Death & Wildflowers

angela l smith
3 min readMay 5, 2023
Photo by Pamela Heckel on Unsplash

Superblooms are covering California, thanks to the combined efforts of rainstorms and global warming. All the hillsides around me look like they are shimmering in shades of lavender, blue and poppy orange on the endless green grass. Bright signs of life surround me, and all I can think about is death, pain, and abandonment.

The hillsides looked the same that year. The year I spent driving endlessly north. The winding roads through the redwoods opened up to clearcut meadows covered in violet and orange. I wish I could take comfort in the knowledge that her last spring was filled with beauty and color. But truthfully, she was so far gone in pain by that time even to see it. Cancer cast an impenetrable haze over everything for her. For both of us, really.

Spring’s fickle nature mirrors the rapid way that hope and love can degrade into despair and pain. A day full of bright sun and blue skies can suddenly turn to wind and rain. The dark storm clouds often lurk at the far side of the endless blue skies overhead. That season started with the bright light of hope — the tumor was shrinking, and the poison of chemo was winning. Then the rain came, washing away the progress.

The twisted nature of caring for a terminally ill parent is difficult to explain. Trying to find a balance between caring for her as a child does and caring for her as an adult should — choosing what her heart needs versus what her body needs. Watching her fight to keep a sense of personal control as the disease slowly ate away everything that made her who she was. It was unbearable to witness and made me make decisions I regret.

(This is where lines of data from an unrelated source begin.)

(* In the two-parallel-path setting with the linear decision rule, suppose $l_v=0$ for all vertices, $m<n$, all initial pheromone levels are positive, $f_s(t)=f_s(0)+\alpha t$ and $b_d(t)=b_d(0)+\alpha t$ with $\alpha>0$ and $f_s(0),b_d(0)>0$, and the initial flows at vertices other than $s,d$ satisfy $f_v(0)\le f_s(0)$, $b_v(0)\le b_d(0)$. Let $T_1=\max_{(u,v)\in E}\log(p_{uv}(0)/(f_s(0)+b_d(0)))/\log(1/\delta)$. Then for every integer $t\ge L+\max(0,T_1)$, $$r_{\min}(t+L)\ \ge\ \left(1+\frac{\alpha(1-\delta)}{6\,(f_s(0)+b_d(0)+2\alpha L+2\alpha t)}\right)r_{\min}(t).$$
   Context: Model (linear decision rule). Directed graph $G=(V,E)$, source $s$, destination $d$, discrete time; pheromone $p_{uv}(t)$, forward flows $f_v(t)$, backward flows $b_v(t)$; leakages $l_v\in[0,1]$; decay $\delta\in(0,1)$; exogenous inputs $f_s(t),b_d(t)$. Edge flows: $f_{uv}(t)=f_u(t)p_{uv}(t)/\sum_{z:(u,z)\in E}p_{uz}(t)$, $b_{uv}(t)=b_v(t)p_{uv}(t)/\sum_{z:(z,v)\in E}p_{zv}(t)$ (at a vertex with a single outgoing, resp. incoming, edge the whole flow goes along it). Updates: $f_v(t+1)=(1-l_v)\sum_{z:(z,v)\in E}f_{zv}(t)$ for $v\neq s$, $b_u(t+1)=(1-l_u)\sum_{z:(u,z)\in E}b_{uz}(t)$ for $u\ne d$, $p_{uv}(t+1)=\delta(p_{uv}(t)+f_{uv}(t)+b_{uv}(t))$. Two parallel paths: $G$ is the union of directed paths $P_1,P_2$ from $s$ to $d$ sharing only $s,d$; $s_1,s_2$ are the successors of $s$ and $d_1,d_2$ the predecessors of $d$ on $P_1,P_2$; $m=\mathrm{len}(P_1)$, $n=\mathrm{len}(P_2)$ (numbers of edges), $L=\max(m,n)$. Potential: $r_{ss_1}(t)=p_{ss_1}(t)/p_{ss_2}(t)$, $r_{d_1d}(t)=p_{d_1d}(t)/p_{d_2d}(t)$, and for $t\ge L$, $r_{\min}(t)=\min\{r_{ss_1}(t-i),\,r_{d_1d}(t-i):0\le i\le L-1\}$. *)

From Stdlib Require Import Reals Lra Lia Arith List.
Open Scope R_scope.

(* Two parallel paths P1 (m edges) and P2 (n edges) from s to d.
   Path k has vertices indexed 0..len_k, vertex 0 = s, vertex len_k = d;
   edge i (0 <= i < len_k) goes from vertex i to vertex i+1.
   Vertices 1..len_k-1 are the internal vertices of the path.
   State (all functions of time t : nat):
     p1 t i, p2 t j    : pheromone on edge i of P1 / edge j of P2
     f1 t i, f2 t j    : forward flow at internal vertex i of P1 / j of P2
     b1 t i, b2 t j    : backward flow at internal vertex i of P1 / j of P2
     fs t, bd t        : exogenous inputs f_s(t), b_d(t)
     l1 i, l2 j        : leakage at internal vertex i of P1 / j of P2. *)

Section Dyn.
Variables (m n : nat) (fs bd : nat -> R) (p1 p2 f1 f2 b1 b2 : nat -> nat -> R).

(* forward edge flow f_{uv}(t) on edge i of P1: at s the flow splits
   proportionally to pheromone, at an internal vertex all flow goes on. *)
Definition fwd1 (t i : nat) : R :=
  if (i =? 0)%nat then fs t * p1 t 0 / (p1 t 0 + p2 t 0) else f1 t i.
Definition fwd2 (t j : nat) : R :=
  if (j =? 0)%nat then fs t * p2 t 0 / (p1 t 0 + p2 t 0) else f2 t j.
(* backward edge flow b_{uv}(t) on edge i of P1: at d it splits among the
   two incoming edges, at an internal vertex the whole flow goes back. *)
Definition bwd1 (t i : nat) : R :=
  if (i =? m - 1)%nat then bd t * p1 t (m - 1) / (p1 t (m - 1) + p2 t (n - 1))
  else b1 t (i + 1).
Definition bwd2 (t j : nat) : R :=
  if (j =? n - 1)%nat then bd t * p2 t (n - 1) / (p1 t (m - 1) + p2 t (n - 1))
  else b2 t (j + 1).
End Dyn.

Definition two_path_dynamics (m n : nat) (delta : R) (l1 l2 : nat -> R)
  (fs bd : nat -> R) (p1 p2 f1 f2 b1 b2 : nat -> nat -> R) : Prop :=
  forall t : nat,
    (forall i, (1 <= i <= m - 1)%nat ->
       f1 (S t) i = (1 - l1 i) * fwd1 fs p1 p2 f1 t (i - 1) /\
       b1 (S t) i = (1 - l1 i) * bwd1 m n bd p1 p2 b1 t i) /\
    (forall j, (1 <= j <= n - 1)%nat ->
       f2 (S t) j = (1 - l2 j) * fwd2 fs p1 p2 f2 t (j - 1) /\
       b2 (S t) j = (1 - l2 j) * bwd2 m n bd p1 p2 b2 t j) /\
    (forall i, (i < m)%nat ->
       p1 (S t) i = delta * (p1 t i + fwd1 fs p1 p2 f1 t i + bwd1 m n bd p1 p2 b1 t i)) /\
    (forall j, (j < n)%nat ->
       p2 (S t) j = delta * (p2 t j + fwd2 fs p1 p2 f2 t j + bwd2 m n bd p1 p2 b2 t j)).

Definition r_ss1 (p1 p2 : nat -> nat -> R) (t : nat) : R := p1 t 0%nat / p2 t 0%nat.
Definition r_d1d (m n : nat) (p1 p2 : nat -> nat -> R) (t : nat) : R :=
  p1 t (m - 1)%nat / p2 t (n - 1)%nat.

Fixpoint min_upto (g : nat -> R) (k : nat) : R :=
  match k with
  | O => g O
  | S k' => Rmin (g (S k')) (min_upto g k')
  end.

(* r_min(t) = min { r_ss1(t-i), r_d1d(t-i) : 0 <= i <= L-1 }, L = max m n
   (meaningful for t >= L). *)
Definition r_min (m n : nat) (p1 p2 : nat -> nat -> R) (t : nat) : R :=
  min_upto (fun i => Rmin (r_ss1 p1 p2 (t - i)) (r_d1d m n p1 p2 (t - i)))
           (Nat.max m n - 1).

Definition T1_val (m n : nat) (delta : R) (p1 p2 : nat -> nat -> R) (c : R) : R :=
  let g := fun x => ln (x / c) / ln (1 / delta) in
  fold_right Rmax (g (p1 O O))
    (map (fun i => g (p1 O i)) (seq 0 m) ++ map (fun j => g (p2 O j)) (seq 0 n)).

(* Let rho = r_min(u) bound from below the ratios p1/p2 on the edges at
   s and at d during the last L = n steps.  Without leakage, a flow entering
   a path reaches its far end unchanged after (length - 1) steps, so the
   backward flow arriving now at s on path 1 was split at d m - 1 steps ago,
   and that on path 2 n - 1 > m - 1 steps ago; both splits favoured path 1 by
   a ratio >= rho, and the input grew in between by at least alpha.  An
   elementary estimate (split_update_ratio) turns this into
   r(u+1) >= rho + rho alpha / S(u), S(u) the pheromone load on the two edges;
   the same holds at d with the forward flows.  After the threshold T1 the
   initial pheromone has evaporated, so S(u) <= 4K/(1 - delta) with
   K = f_s(0) + b_d(0) + 2 alpha (L + t), giving a gain factor
   1 + alpha (1 - delta)/(6K) for every new potential.  A lemma on sliding
   window minima (window_min_growth) then lifts this to r_min(t + L). *)

From Stdlib Require Import Reals Lra Lia List.
Open Scope R_scope.

Lemma split_share_bounds (a p q : R) :
  0 <= a -> 0 < p -> 0 < q -> 0 <= a * p / (p + q) <= a.
Proof.
  intros Ha Hp Hq. split.
  - apply Rle_mult_inv_pos; [apply Rmult_le_pos|]; lra.
  - apply Rmult_le_reg_r with (p + q); [lra|].
    unfold Rdiv; rewrite Rmult_assoc, Rinv_l by lra. nra.
Qed.

Lemma share_lower (rho b q1 q2 : R) :
  0 < rho -> 0 <= b -> 0 < q1 -> 0 < q2 -> rho * q2 <= q1 ->
  rho * b <= (1 + rho) * (b * q1 / (q1 + q2)).
Proof.
  intros Hr Hb Hq1 Hq2 Hq.
  replace ((1 + rho) * (b * q1 / (q1 + q2)))
    with (rho * b + b * (q1 - rho * q2) / (q1 + q2)) by (field; lra).
  assert (0 <= b * (q1 - rho * q2) / (q1 + q2))
    by (apply Rle_mult_inv_pos; [apply Rmult_le_pos|]; lra).
  lra.
Qed.

Lemma share_upper (rho b q1 q2 : R) :
  0 < rho -> 0 <= b -> 0 < q1 -> 0 < q2 -> rho * q2 <= q1 ->
  (1 + rho) * (b * q2 / (q1 + q2)) <= b.
Proof.
  intros Hr Hb Hq1 Hq2 Hq.
  replace ((1 + rho) * (b * q2 / (q1 + q2)))
    with (b - b * (q1 - rho * q2) / (q1 + q2)) by (field; lra).
  assert (0 <= b * (q1 - rho * q2) / (q1 + q2))
    by (apply Rle_mult_inv_pos; [apply Rmult_le_pos|]; lra).
  lra.
Qed.

Lemma ratio_lower (rho x y : R) : 0 < y -> rho <= x / y -> rho * y <= x.
Proof.
  intros Hy H. apply Rmult_le_compat_r with (r := y) in H; [|lra].
  replace (x / y * y) with x in H by (field; lra). exact H.
Qed.

Lemma ratio_increment (rho al P1 P2 X1 X2 : R) :
  0 < rho -> 0 <= al -> 0 < P2 -> 0 <= X2 -> rho * P2 <= P1 ->
  rho * al <= (1 + rho) * (X1 - rho * X2) ->
  rho + rho * al / ((P1 + X1) + (P2 + X2)) <= (P1 + X1) / (P2 + X2).
Proof.
  intros Hr Hal HP2 HX2 HP Hex.
  set (N := P1 + X1). set (M := P2 + X2).
  assert (HM : 0 < M) by (unfold M; lra).
  assert (0 <= (1 + rho) * (P1 - rho * P2)) by (apply Rmult_le_pos; lra).
  assert (Hgap : rho * al <= (1 + rho) * (N - rho * M))
    by (unfold N, M; lra).
  assert (Hexcess : 0 <= N - rho * M).
  { apply Rmult_le_reg_l with (1 + rho); [lra|].
    assert (0 <= rho * al) by (apply Rmult_le_pos; lra). lra. }
  assert (HNM : 0 < N + M) by nra.
  apply Rmult_le_reg_r with (M * (N + M)); [nra|].
  replace ((rho + rho * al / (N + M)) * (M * (N + M)))
    with (rho * M * (N + M) + rho * al * M) by (field; lra).
  replace (N / M * (M * (N + M))) with (N * (N + M)) by (field; lra).
  assert (rho * al * M <= (1 + rho) * M * (N - rho * M)) by nra.
  nra.
Qed.

(* One update of two competing edges: each edge keeps its pheromone (x, y),
   receives its proportional share of a common input a, and receives a flow
   from the opposite direction that was split earlier with ratio at least
   rho (shares q and r); the flow reaching the first edge is larger by al.
   If x >= rho y, the ratio of the new levels exceeds rho by rho al/(N+M). *)
Lemma split_update_ratio (rho al d a x y b1 q1 q2 b2 r1 r2 N M : R) :
  0 < rho -> 0 <= al -> 0 < d -> 0 <= a -> 0 < x -> 0 < y -> rho * y <= x ->
  0 < q1 -> 0 < q2 -> rho * q2 <= q1 -> 0 < r1 -> 0 < r2 -> rho * r2 <= r1 ->
  0 <= b2 -> b2 + al <= b1 ->
  N = x + a * x / (x + y) + b1 * q1 / (q1 + q2) ->
  M = y + a * y / (x + y) + b2 * r2 / (r1 + r2) ->
  rho + rho * al / (N + M) <= (d * N) / (d * M).
Proof.
  intros Hr Hal Hd Ha Hx Hy Hxy Hq1 Hq2 Hq Hr1 Hr2 Hrr Hb2 Hb -> ->.
  set (P1 := x + a * x / (x + y)). set (P2 := y + a * y / (x + y)).
  set (X1 := b1 * q1 / (q1 + q2)). set (X2 := b2 * r2 / (r1 + r2)).
  assert (HP2 : 0 < P2).
  { assert (0 <= a * y / (x + y))
      by (apply Rle_mult_inv_pos; [apply Rmult_le_pos|]; lra).
    unfold P2; lra. }
  assert (HX2 : 0 <= X2)
    by (apply Rle_mult_inv_pos; [apply Rmult_le_pos|]; lra).
  assert (HP : rho * P2 <= P1).
  { unfold P1, P2.
    replace (x + a * x / (x + y)) with (x * (1 + a / (x + y))) by (field; lra).
    replace (y + a * y / (x + y)) with (y * (1 + a / (x + y))) by (field; lra).
    assert (0 <= a / (x + y)) by (apply Rle_mult_inv_pos; lra).
    rewrite <- Rmult_assoc; apply Rmult_le_compat_r; lra. }
  assert (H1 : rho * b1 <= (1 + rho) * X1) by (apply share_lower; lra).
  assert (H2 : (1 + rho) * X2 <= b2) by (apply share_upper; lra).
  replace (d * (P1 + X1) / (d * (P2 + X2))) with ((P1 + X1) / (P2 + X2))
    by (field; lra).
  apply ratio_increment; try lra.
  assert (rho * ((1 + rho) * X2) <= rho * b2) by (apply Rmult_le_compat_l; lra).
  nra.
Qed.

Those last few weeks play out endlessly in my mind. Dark and hazy. Numb. Visions of her hunched over in agony, unable to speak. Night-blackened roads, miles from any help or comfort. Terrifying stops on the side of the road, not knowing what to do. Not knowing if her altered state was from too much medication or not enough. Fighting with people at the hospitals to get her help. Watching her arm and hand turn blue, the blood-clot that would eventually end her pain. The slightest touch was agony for her, and I was forced to torture her as I moved her from the cars to the wheelchairs to the beds. The sound of her pain still haunts me.

The months of living in constant agony slowly stripped away the last of what made me her daughter and replaced it with a faceless shadow, an angel of death. Sounds melodramatic, I know. But I became tied inexorably to her pain. I witnessed it, I caused it, and I could do nothing to end it.

I remember the exact moment I realized my mother was gone. It wasn’t the last time I heard her voice or the last time I saw her chest rise and fall. Terminal illness is unfair in so many ways. One of the cruelest is how it will occasionally allow the person from before to slip through to the surface before snatching them back with a vengeance. That night she sounded strong and solid, the voice and mind of my loving mom tricking me into falling back into being a daughter. Tricking me into believing she could give me comfort like she always had before. I asked her the unanswered question that had haunted me with my dad, “You know how much I love you, right?” silly and stupid, I know. A child seeking validation from a parent. The disease must have heard the hitch in my voice. With that one selfish question, she was gone for good — pulled back down into the ever-present abyss of fear she now lived in. She suddenly sounded exactly how I felt — lost, confused, and scared. I was never able to bring her back after that, never able to make sure she knew that I loved her. That one childish need left me completely abandoned.

So now I sit here, surrounded once again by the colorful signs of life. And all I want is for the rain to come back and the winds to howl and scream with me.